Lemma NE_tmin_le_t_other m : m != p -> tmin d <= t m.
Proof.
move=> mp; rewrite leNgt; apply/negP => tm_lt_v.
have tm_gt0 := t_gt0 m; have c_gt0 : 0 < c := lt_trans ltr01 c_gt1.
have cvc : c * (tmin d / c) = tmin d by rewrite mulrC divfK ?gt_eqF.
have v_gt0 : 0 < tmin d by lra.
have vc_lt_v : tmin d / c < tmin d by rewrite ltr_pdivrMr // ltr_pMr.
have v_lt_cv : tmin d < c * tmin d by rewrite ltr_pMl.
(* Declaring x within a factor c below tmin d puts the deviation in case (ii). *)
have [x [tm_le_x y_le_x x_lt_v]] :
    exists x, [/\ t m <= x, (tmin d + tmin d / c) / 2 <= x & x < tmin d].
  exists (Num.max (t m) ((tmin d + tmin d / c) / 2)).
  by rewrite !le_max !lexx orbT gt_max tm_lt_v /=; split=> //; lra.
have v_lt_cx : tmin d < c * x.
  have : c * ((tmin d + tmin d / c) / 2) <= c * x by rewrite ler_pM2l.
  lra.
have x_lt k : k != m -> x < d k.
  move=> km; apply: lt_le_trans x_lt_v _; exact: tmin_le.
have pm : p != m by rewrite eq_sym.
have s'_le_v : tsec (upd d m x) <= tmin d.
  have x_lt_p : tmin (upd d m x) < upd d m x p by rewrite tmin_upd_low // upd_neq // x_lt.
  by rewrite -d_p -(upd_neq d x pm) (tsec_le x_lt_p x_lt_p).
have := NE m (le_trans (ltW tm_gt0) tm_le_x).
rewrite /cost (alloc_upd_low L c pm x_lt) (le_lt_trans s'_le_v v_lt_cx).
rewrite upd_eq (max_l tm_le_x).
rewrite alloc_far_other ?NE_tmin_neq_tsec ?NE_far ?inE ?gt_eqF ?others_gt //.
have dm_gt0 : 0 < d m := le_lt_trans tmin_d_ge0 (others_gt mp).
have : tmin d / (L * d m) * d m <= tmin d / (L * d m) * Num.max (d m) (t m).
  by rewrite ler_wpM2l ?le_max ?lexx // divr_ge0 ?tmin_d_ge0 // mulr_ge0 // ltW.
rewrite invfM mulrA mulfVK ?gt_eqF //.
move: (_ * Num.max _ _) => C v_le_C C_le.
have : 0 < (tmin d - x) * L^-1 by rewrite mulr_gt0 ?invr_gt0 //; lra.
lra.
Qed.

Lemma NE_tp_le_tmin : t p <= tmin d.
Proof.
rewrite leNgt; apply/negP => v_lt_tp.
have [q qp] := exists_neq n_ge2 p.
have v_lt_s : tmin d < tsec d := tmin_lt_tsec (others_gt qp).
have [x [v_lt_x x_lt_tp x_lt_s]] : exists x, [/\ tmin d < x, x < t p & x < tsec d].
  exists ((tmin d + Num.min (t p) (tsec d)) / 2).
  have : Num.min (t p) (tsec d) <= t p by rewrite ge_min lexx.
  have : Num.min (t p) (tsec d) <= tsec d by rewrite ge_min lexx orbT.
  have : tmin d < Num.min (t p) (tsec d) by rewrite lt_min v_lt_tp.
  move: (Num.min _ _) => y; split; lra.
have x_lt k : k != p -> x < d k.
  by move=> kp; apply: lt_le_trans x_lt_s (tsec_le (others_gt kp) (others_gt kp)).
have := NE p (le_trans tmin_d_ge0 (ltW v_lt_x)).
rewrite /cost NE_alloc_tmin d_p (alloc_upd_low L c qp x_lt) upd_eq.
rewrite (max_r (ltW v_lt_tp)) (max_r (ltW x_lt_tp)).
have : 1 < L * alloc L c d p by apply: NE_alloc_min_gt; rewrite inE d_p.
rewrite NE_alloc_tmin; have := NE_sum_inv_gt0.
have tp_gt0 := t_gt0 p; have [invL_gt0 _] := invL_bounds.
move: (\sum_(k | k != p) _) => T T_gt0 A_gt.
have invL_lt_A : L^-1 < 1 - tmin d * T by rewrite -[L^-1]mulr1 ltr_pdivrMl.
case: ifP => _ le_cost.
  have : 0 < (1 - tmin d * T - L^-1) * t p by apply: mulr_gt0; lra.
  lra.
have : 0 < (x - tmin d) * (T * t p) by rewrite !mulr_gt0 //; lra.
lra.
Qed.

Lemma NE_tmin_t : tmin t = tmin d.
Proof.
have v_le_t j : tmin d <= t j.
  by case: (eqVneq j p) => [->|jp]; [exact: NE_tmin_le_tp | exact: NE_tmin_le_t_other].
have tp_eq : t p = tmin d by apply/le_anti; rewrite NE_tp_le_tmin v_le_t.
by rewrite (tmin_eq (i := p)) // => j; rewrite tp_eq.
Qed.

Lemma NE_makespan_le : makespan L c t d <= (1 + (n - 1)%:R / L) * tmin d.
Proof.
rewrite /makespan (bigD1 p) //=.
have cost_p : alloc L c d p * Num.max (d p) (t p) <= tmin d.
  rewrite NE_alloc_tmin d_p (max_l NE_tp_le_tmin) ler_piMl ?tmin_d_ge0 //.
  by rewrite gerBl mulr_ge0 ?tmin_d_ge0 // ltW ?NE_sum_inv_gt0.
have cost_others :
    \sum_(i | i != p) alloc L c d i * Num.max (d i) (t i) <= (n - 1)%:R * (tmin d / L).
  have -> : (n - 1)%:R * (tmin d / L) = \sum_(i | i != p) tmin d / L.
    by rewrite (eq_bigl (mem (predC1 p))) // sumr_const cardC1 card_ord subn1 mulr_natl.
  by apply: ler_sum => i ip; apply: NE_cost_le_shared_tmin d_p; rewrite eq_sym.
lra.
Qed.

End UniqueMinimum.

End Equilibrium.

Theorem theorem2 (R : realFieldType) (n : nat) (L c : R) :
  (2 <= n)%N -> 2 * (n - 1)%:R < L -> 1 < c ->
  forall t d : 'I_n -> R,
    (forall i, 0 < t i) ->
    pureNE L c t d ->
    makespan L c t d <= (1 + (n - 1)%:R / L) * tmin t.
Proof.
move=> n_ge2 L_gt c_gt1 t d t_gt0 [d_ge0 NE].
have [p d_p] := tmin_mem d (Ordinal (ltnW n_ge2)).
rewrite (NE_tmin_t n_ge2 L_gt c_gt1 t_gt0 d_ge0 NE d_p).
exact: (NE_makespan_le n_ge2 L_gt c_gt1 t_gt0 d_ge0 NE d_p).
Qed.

* * * * * * *

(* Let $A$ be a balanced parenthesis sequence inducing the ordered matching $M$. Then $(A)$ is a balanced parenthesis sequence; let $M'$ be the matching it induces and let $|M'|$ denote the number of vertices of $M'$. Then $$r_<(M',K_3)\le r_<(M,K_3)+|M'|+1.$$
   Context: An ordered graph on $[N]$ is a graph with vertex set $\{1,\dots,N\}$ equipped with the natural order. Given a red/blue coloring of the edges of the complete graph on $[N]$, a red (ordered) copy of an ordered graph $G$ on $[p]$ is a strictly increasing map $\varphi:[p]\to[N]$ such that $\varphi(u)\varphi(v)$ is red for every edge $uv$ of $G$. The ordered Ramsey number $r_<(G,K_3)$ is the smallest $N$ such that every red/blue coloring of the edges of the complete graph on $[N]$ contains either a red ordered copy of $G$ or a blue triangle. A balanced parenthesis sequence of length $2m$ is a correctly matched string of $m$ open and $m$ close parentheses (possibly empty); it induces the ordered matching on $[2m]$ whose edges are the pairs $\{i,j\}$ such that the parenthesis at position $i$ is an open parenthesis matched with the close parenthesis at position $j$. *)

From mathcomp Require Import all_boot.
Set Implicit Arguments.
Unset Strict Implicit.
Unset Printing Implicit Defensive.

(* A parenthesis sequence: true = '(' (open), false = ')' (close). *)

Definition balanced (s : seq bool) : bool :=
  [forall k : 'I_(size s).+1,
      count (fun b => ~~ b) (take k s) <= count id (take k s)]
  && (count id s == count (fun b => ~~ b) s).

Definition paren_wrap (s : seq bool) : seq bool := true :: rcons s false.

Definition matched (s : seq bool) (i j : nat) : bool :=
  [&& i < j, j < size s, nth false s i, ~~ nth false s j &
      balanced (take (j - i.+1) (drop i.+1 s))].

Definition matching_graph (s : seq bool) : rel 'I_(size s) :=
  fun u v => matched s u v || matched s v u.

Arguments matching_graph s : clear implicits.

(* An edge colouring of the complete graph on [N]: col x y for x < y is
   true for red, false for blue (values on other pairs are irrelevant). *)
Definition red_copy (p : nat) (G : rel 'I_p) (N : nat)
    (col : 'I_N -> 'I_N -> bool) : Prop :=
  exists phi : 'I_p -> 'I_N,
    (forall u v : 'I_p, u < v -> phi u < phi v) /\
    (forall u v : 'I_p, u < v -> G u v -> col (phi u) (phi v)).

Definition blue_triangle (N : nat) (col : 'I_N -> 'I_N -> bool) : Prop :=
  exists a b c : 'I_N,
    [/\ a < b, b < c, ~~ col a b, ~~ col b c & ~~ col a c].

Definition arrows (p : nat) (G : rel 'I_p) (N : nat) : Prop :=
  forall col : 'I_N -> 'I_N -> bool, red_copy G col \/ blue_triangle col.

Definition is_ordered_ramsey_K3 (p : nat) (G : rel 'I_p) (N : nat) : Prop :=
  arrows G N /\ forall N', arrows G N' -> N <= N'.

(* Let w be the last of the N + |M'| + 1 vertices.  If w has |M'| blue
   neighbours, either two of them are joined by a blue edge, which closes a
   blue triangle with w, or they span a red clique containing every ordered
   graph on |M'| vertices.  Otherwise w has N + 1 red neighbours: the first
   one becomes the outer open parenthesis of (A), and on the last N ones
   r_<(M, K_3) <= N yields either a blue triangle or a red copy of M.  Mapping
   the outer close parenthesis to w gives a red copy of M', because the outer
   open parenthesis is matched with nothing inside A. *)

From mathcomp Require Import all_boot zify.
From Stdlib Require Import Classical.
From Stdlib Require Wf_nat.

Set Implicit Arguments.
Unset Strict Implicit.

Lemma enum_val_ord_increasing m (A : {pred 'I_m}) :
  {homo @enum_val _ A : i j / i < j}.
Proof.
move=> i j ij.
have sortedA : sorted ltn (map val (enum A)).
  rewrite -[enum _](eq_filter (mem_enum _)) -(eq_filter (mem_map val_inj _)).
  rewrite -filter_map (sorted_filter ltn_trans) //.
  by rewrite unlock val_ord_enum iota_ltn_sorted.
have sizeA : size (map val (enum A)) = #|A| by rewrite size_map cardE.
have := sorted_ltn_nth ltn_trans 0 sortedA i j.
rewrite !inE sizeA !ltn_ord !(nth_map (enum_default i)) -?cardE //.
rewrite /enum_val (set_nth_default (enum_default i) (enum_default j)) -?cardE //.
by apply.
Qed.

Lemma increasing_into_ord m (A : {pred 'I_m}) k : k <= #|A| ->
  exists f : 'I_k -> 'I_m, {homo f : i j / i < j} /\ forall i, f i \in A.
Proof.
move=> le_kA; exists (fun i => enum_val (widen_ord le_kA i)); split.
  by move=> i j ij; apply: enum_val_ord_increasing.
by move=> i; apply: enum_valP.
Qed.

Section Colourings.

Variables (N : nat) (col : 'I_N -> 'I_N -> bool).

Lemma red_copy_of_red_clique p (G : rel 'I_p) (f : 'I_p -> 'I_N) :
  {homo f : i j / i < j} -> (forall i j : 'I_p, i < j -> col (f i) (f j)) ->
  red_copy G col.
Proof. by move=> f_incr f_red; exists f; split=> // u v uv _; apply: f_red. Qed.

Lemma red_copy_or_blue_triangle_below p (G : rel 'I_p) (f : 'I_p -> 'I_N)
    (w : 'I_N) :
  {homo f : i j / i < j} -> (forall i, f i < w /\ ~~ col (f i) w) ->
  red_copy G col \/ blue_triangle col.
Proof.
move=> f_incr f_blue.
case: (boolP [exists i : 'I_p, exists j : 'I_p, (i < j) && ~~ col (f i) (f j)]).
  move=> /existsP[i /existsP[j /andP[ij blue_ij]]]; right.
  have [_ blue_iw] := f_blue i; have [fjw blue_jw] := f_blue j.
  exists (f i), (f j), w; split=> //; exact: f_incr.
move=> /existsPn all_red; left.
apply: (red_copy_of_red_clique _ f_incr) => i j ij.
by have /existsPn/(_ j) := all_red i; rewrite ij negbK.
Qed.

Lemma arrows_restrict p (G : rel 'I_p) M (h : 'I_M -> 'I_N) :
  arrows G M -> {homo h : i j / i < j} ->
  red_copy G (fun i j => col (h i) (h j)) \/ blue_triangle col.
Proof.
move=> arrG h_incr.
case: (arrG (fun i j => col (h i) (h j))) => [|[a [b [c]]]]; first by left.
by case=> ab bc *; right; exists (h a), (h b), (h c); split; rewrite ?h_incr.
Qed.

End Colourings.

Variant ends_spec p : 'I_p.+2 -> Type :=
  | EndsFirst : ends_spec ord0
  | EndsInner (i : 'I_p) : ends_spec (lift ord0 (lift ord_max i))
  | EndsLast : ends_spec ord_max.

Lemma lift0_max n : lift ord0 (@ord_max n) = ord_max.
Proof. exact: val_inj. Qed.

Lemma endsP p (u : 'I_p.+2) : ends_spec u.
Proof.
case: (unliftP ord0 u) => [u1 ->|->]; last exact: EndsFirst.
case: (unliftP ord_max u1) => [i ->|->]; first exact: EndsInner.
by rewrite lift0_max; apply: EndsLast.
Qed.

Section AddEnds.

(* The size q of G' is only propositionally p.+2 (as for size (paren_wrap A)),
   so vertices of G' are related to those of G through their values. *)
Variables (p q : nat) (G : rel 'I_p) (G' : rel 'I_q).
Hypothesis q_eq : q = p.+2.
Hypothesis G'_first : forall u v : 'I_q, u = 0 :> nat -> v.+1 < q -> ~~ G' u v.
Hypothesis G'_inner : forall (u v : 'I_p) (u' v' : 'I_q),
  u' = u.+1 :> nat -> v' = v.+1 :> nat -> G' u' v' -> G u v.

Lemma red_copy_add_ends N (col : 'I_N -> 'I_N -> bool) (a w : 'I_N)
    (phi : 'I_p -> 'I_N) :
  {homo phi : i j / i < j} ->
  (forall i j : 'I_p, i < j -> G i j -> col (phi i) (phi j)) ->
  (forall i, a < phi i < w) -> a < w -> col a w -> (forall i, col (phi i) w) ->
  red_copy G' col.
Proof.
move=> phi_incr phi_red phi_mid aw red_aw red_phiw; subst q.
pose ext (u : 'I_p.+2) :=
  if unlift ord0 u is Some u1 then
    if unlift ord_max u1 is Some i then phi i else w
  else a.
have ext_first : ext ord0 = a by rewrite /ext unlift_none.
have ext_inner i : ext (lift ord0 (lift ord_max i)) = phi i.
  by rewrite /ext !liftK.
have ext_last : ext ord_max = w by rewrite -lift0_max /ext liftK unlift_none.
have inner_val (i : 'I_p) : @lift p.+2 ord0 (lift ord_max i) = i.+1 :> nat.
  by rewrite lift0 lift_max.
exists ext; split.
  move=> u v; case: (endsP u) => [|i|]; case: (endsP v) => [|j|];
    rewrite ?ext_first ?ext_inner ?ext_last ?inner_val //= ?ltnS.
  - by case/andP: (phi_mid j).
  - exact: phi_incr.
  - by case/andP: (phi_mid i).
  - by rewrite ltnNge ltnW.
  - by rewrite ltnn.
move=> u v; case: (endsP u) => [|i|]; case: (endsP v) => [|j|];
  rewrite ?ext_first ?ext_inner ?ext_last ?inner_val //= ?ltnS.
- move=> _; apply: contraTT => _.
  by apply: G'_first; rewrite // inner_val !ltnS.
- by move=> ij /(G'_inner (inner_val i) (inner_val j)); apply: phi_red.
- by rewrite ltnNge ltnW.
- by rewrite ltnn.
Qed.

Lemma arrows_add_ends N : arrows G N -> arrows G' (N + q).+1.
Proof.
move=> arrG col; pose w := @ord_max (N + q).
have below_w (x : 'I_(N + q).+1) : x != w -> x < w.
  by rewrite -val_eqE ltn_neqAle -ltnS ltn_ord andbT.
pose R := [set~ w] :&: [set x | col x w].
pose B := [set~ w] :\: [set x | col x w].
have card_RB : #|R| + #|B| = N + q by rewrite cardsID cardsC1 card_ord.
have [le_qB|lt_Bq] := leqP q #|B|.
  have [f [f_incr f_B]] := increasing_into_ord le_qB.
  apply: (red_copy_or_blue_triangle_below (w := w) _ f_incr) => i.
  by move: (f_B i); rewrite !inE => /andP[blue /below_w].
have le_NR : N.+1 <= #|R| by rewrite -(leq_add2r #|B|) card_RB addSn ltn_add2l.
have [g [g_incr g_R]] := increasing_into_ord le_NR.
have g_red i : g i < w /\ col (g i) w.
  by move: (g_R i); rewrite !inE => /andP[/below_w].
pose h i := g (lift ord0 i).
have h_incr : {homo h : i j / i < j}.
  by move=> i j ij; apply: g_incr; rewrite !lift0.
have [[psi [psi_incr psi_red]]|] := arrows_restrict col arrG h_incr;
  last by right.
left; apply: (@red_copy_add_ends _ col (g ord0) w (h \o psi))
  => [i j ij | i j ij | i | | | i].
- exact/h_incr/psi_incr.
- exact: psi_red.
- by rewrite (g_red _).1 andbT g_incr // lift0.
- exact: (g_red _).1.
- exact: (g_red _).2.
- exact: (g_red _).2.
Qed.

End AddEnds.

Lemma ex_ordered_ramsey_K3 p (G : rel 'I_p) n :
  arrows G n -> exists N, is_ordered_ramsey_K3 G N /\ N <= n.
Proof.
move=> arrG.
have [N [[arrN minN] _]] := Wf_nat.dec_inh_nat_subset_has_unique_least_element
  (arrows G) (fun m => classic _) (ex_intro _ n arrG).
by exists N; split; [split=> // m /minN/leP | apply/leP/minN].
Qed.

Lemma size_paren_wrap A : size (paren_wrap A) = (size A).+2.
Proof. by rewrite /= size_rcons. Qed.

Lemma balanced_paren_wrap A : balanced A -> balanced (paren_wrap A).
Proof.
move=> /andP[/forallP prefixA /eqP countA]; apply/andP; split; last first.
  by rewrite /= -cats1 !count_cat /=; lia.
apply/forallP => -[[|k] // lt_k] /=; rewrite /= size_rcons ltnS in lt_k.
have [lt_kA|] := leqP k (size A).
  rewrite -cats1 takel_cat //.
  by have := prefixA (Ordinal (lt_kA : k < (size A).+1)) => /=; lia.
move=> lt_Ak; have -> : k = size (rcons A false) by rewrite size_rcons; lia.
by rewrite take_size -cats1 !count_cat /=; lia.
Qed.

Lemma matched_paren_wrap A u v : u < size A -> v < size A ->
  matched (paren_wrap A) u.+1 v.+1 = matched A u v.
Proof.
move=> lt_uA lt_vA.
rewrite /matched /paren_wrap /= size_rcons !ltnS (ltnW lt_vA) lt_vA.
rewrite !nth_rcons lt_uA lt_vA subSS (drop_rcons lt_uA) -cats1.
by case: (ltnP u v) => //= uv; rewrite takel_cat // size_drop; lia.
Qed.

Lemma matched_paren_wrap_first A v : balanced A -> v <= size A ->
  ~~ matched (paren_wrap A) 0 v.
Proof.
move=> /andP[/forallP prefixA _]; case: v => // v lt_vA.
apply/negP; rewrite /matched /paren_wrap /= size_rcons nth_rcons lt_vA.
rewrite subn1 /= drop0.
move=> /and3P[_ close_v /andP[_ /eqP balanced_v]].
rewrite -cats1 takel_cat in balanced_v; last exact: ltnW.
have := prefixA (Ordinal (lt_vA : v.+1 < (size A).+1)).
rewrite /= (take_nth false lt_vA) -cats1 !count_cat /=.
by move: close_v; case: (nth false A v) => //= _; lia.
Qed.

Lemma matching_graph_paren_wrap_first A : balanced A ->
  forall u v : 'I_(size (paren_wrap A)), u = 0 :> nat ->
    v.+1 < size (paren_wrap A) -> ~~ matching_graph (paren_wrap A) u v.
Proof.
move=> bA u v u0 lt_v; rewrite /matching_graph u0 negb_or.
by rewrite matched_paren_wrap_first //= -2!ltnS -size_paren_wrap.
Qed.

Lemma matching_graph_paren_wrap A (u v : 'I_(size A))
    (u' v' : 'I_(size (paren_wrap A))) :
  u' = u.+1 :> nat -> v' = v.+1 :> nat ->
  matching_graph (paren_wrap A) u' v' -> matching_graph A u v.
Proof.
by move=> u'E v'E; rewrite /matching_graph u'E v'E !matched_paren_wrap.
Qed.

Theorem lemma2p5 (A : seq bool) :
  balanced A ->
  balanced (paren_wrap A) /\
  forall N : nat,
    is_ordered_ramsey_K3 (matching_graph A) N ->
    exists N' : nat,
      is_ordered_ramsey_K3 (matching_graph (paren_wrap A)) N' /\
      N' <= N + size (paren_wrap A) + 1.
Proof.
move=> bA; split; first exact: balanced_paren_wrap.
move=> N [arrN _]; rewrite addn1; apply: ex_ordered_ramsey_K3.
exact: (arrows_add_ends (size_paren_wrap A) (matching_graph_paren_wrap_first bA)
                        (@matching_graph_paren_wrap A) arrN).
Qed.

* * * * * * *

TASK DIRECTIONS - Within the data above, find the lines that contain the word "false" and copy each of them.

RESPONSE BELOW -
(* A parenthesis sequence: true = '(' (open), false = ')' (close). *)
Definition paren_wrap (s : seq bool) : seq bool := true :: rcons s false.
  [&& i < j, j < size s, nth false s i, ~~ nth false s j &
   true for red, false for blue (values on other pairs are irrelevant). *)
move=> lt_Ak; have -> : k = size (rcons A false) by rewrite size_rcons; lia.
rewrite /= (take_nth false lt_vA) -cats1 !count_cat /=.
by move: close_v; case: (nth false A v) => //= _; lia.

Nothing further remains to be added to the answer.